N_min = ((sigma ** 2) * (d + 1)) / ( (sigma ** 2) - E_in_exp)
print(f'A minimum of {math.ceil(N_min)} samples needed to achieve an expected in sample error of {E_in_exp}')
print(f'As we can see, out of the answer choice, the smallest number of samples to guarantee an in sample error of at least {E_in_exp} has to be greater than {math.ceil(N_min)}. Therefore, the correct answer is C, 100 samples.')

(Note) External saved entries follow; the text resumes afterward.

(* Write the vectors of H_n (x) H_m as their n x m coefficient matrices, so
   that Schmidt rank is matrix rank and the inner product is the Frobenius one.
   Fix a unit vector y of Schmidt rank at most h and let x be the normalized
   P y, so that |<y, x>|^2 = |P y|^2.  Choose a unitary change of basis of H_m
   making the coefficient matrix Y of y supported on its first q <= h columns,
   and let w_j be the weight of the coefficient matrix X of x on column j:
   |<Y, X>|^2 <= s := sum_(j < q) w_j by Cauchy-Schwarz, and the remaining
   columns carry 1 - s, so some k - h of them carry at least a fraction
   (k - h)/(m - q) >= (k - h)/(m - 1) of it.  Compressing X to these k columns
   gives a Schmidt-rank-k vector v with <v|P|v> at least their total weight,
   whence ||P||_S(k) >= (1 - t) |P y|^2 + t for t = (k - h)/(m - 1).  Finally
   |<w|P|v>| <= max(|P v|^2, |P w|^2) for unit v, w, and taking the supremum
   over v, w of Schmidt rank at most h gives the bound. *)

Lemma exists_subset_ge_avg (R : realDomainType) (I : finType) (a : I -> R)
    (S : {set I}) l :
  (l <= #|S|)%N -> exists2 T : {set I}, T \subset S &
    #|T| = l /\ l%:R * \sum_(i in S) a i <= #|S|%:R * \sum_(i in T) a i.
Proof.
have [-> _|l_gt0] := posnP l.
  by exists finset.set0; rewrite ?finset.sub0set ?cards0 // big_set0 mulr0 mul0r.
move cardS: #|S| => N; elim: N S cardS => [|N IH] S cardS le_lN.
  by rewrite leqn0 in le_lN; rewrite (eqP le_lN) in l_gt0.
have [->|ne_lN] := eqVneq l N.+1; first by exists S.
have le_lN' : (l <= N)%N by rewrite -ltnS ltn_neqAle ne_lN le_lN.
have [x0 x0S] : exists x, x \in S by apply/finset.set0Pn; rewrite -card_gt0 cardS.
have [x xS xmin] : exists2 x, x \in S & forall y, y \in S -> a x <= a y.
  by case: (arg_minP a x0S) => x xS xmin; exists x.
have cardS' : #|S :\ x| = N by move: cardS; rewrite (cardsD1 x) xS add1n => -[].
have [T sT [cardT avgT]] := IH _ cardS' le_lN'.
exists T; first exact: fintype.subset_trans sT (finset.subsetDl _ _).
split => //; rewrite (big_setD1 x xS) /=.
(* x has minimal weight, hence at most the average weight on S :\ x *)
have min_le : N%:R * a x <= \sum_(i in S :\ x) a i.
  rewrite mulr_natl -cardS' -sumr_const.
  by apply: ler_sum => i /setD1P[_ /xmin].
have N_gt0 : 0 < N%:R :> R by rewrite ltr0n (leq_trans l_gt0).
have e1 := ler_wpM2l (ler0n R l) min_le.
have e2 := ler_wpM2l (ler0n R N.+1) avgT.
rewrite -(ler_pM2l N_gt0) -natr1; rewrite -natr1 in e2; nra.
Qed.
Lemma Lambda_concave_F_alpha (a : R) : 0 < a -> (n.-1)%:R * a <= 1 ->
  Lambda_concave (@F_alpha R n a).
Proof.
move=> a_gt0 na B C psdB psdC detCB.
set P := pencil_poly B (C - B).
have P_conv t : \det ((1 - t) *: B + t *: C) = P.[t].
  by rewrite horner_pencil_poly conv_pencil.
suff concP : concave_on01 (fun t => P.[t] `^ a).
  by move=> s t l s01 t01 l01; rewrite /F_alpha !P_conv; apply: concP.
have [[t0 t0_01 Pt0_neq0] | P0] := pselect (exists2 t0, 0 <= t0 <= 1 & P.[t0] != 0);
  last first.
  have {}P0 t : 0 <= t <= 1 -> P.[t] = 0.
    by move=> t01; apply: contra_notP P0 => /eqP Pt_neq0; exists t.
  move=> s t l s01 t01 l01 /=.
  by rewrite !P0 ?conv_in01 // powR0 ?gt_eqF // !mulr0 addr0.
have pdA : pd ((1 - t0) *: B + t0 *: C).
  by apply: psd_pd; [exact: psd_conv | rewrite P_conv].
have [rs PE size_rs] : exists2 rs : seq R, P = lead_coef P *: \prod_(r <- rs) ('X - r%:P)
                                         & (size rs).+1 = size P.
  apply: real_rooted_split; apply: (@pencil_poly_real_rooted _ _ t0).
    by rewrite -conv_pencil.
  by rewrite linearB /= psdB.1 psdC.1.
apply: (concave_on01_powR_split PE _ t0_01 _ a_gt0).
- move=> t t01; rewrite -P_conv; apply/eqP => /(psd_conv_det_eq0 psdB psdC t01).
  by move=> /(_ t0); rewrite P_conv; apply/eqP.
- by rewrite -P_conv; apply: pd_det_gt0.
apply: le_trans na; rewrite ler_pM2r // ler_nat -ltnS.
have := size_pencil_poly_singular B detCB; rewrite -/P -size_rs => rs_lt_n.
by rewrite prednK // (leq_trans _ rs_lt_n).
Qed.
End Sufficiency.

Section Necessity.
Variable R : realType.

Lemma psd_diag n (r : 'rV[R]_n) : (forall j, 0 <= r 0 j) -> psd (diag_mx r).
Proof.
move=> r_ge0; split=> [|v]; first exact: tr_diag_mx.
rewrite mul_mx_diag mxE sumr_ge0 // => i _; rewrite !mxE mulrAC -expr2.
by rewrite mulr_ge0 ?sqr_ge0.
Qed.
(* Let $\Phi:\mathbb{R}^n\to\mathbb{R}$ be of class $C^2$, bounded from below, with Hessian $\nabla^2\Phi$ Lipschitz continuous on bounded sets, and let $\alpha,\beta>0$. Consider the system \[ \ddot x(t)+\alpha\dot x(t)+\beta\nabla^2\Phi(x(t))\dot x(t)+\nabla\Phi(x(t))=0, \] written in phase space as $\dot x=v$, $\dot v=-\alpha v-\nabla\Phi(x)-\beta\nabla^2\Phi(x)v$. Let $(x(t),v(t))$ be a solution defined on $[0,\infty)$ that is bounded. Then $\int_0^\infty\|\dot x(t)\|^2dt<\infty$, $\int_0^\infty\|\nabla\Phi(x(t))\|^2dt<\infty$, $v(t)=\dot x(t)\to0$ and $\nabla\Phi(x(t))\to0$ as $t\to\infty$, and consequently $\operatorname{dist}\big((x(t),v(t)),S\big)\to0$, where $S:=\{(x,v)\in\mathbb{R}^n\times\mathbb{R}^n: v=0,\ \nabla\Phi(x)=0\}$. *)

From HB Require Import structures.
From mathcomp Require Import all_boot all_order all_algebra.
From mathcomp Require Import all_classical all_reals all_analysis.
Set Implicit Arguments. Unset Strict Implicit. Unset Printing Implicit Defensive.
Import Order.TTheory GRing.Theory Num.Theory.
Import numFieldNormedType.Exports.
Local Open Scope classical_set_scope.
Local Open Scope ring_scope.

Definition dotv (R : realType) (n : nat) (u w : 'rV[R]_n) : R :=
  \sum_(i < n) u ord0 i * w ord0 i.
Definition sqnorm (R : realType) (n : nat) (u : 'rV[R]_n) : R := dotv u u.
Definition enorm (R : realType) (n : nat) (u : 'rV[R]_n) : R :=
  Num.sqrt (sqnorm u).

Definition is_gradient (R : realType) (n : nat)
  (Phi : 'rV[R]_n -> R) (G : 'rV[R]_n -> 'rV[R]_n) : Prop :=
  forall y, differentiable Phi y /\ forall h, 'd Phi y h = dotv h (G y).

(* H is the Hessian of Phi (= Jacobian of its gradient G): G is
   differentiable everywhere with differential h |-> H y h (acting on the
   row vector h as h *m (H y)^T, i.e. the column-vector product (H y) h). *)
Definition is_hessian (R : realType) (n : nat)
  (G : 'rV[R]_n -> 'rV[R]_n) (H : 'rV[R]_n -> 'M[R]_n) : Prop :=
  forall y, differentiable G y /\ forall h, 'd G y h = h *m (H y)^T.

A minimum of 45 samples needed to achieve an expected in sample error of 0.008
As we can see, out of the answer choice, the smallest number of samples to guarantee an in sample error of at least 0.008 has to be greater than 45. Therefore, the correct answer is C, 100 samples.


# Question 2, Answer D

##### the hypothesis is of the form: $h(x) = sign(w_0 + w_1x_1^2 + w_2x_2^2)$
##### At $(x_1, x_2) = (0, 0)$, the hypothesis should classify the point as +1
##### At this point, $h(x) = sign(w_0)$, and if h(x) classifies the point as +1, then $w_0 > 0$
##### When $x_1$ is large, and $x_2 = 0$, then the hypothesis should classify the point as -1
##### At this point, $h(x) = sign(w_0 + w_1x_1^2) = -1$, this implies that $w_1 < 0$
##### When $x_2$ is large, and $x_1 = 0$, then the hypothesis should classify the point as +1
##### At this point, $h(x) = sign(w_0 + w_2x_2^2) = +1$, this implies that $w_2 > 0$
##### This answer aligns with answer choice D

# Question 3, Answer C
##### There are 14 coordinates and 1 bias coordinate in $\Phi_4$
##### This leads to a $d_{vc} = 15$
##### The smallest value that is not smaller than the vc dimension is 15 among the answer choices, which is choice C

# Question 4, Answer E
##### $E(u, v) = (ue^v - 2ve^{-u})^2$
##### $\frac{\partial{E}}{\partial{u}} = 2(ue^v - 2ve^{-u})(e^v + 2ve^{-u})$
##### This corresponds to answer choice E

# Question 5, Answer D

In [2]:
import numpy as np

def E(u, v):
    return (u*np.exp(v) - 2*v*np.exp(-u)) ** 2

def deltaE(u, v):
    partialE_partialu = 2 * (u*np.exp(v) - 2*v*np.exp(-u)) * (np.exp(v) + 2 *v* np.exp(-u))
    partialE_partialv = 2 * (u*np.exp(v) - 2*v*np.exp(-u)) * (u*np.exp(v) - 2*np.exp(-u))
    return np.array([partialE_partialu, partialE_partialv])

eta = 0.1 # learning rate
error_thresh = 10 ** -14 # threshold error

u, v = (1, 1) # initializing as 1, 1
iterations = 0
while E(u, v) > error_thresh:
    iterations += 1
    gradE = deltaE(u, v)
    
    # update weights vector
    u -= eta * gradE[0]
    v -= eta * gradE[1]
    
print(f'{iterations} iterations taken for algorithm to converge')
print('Therefore the correct answer choice is D')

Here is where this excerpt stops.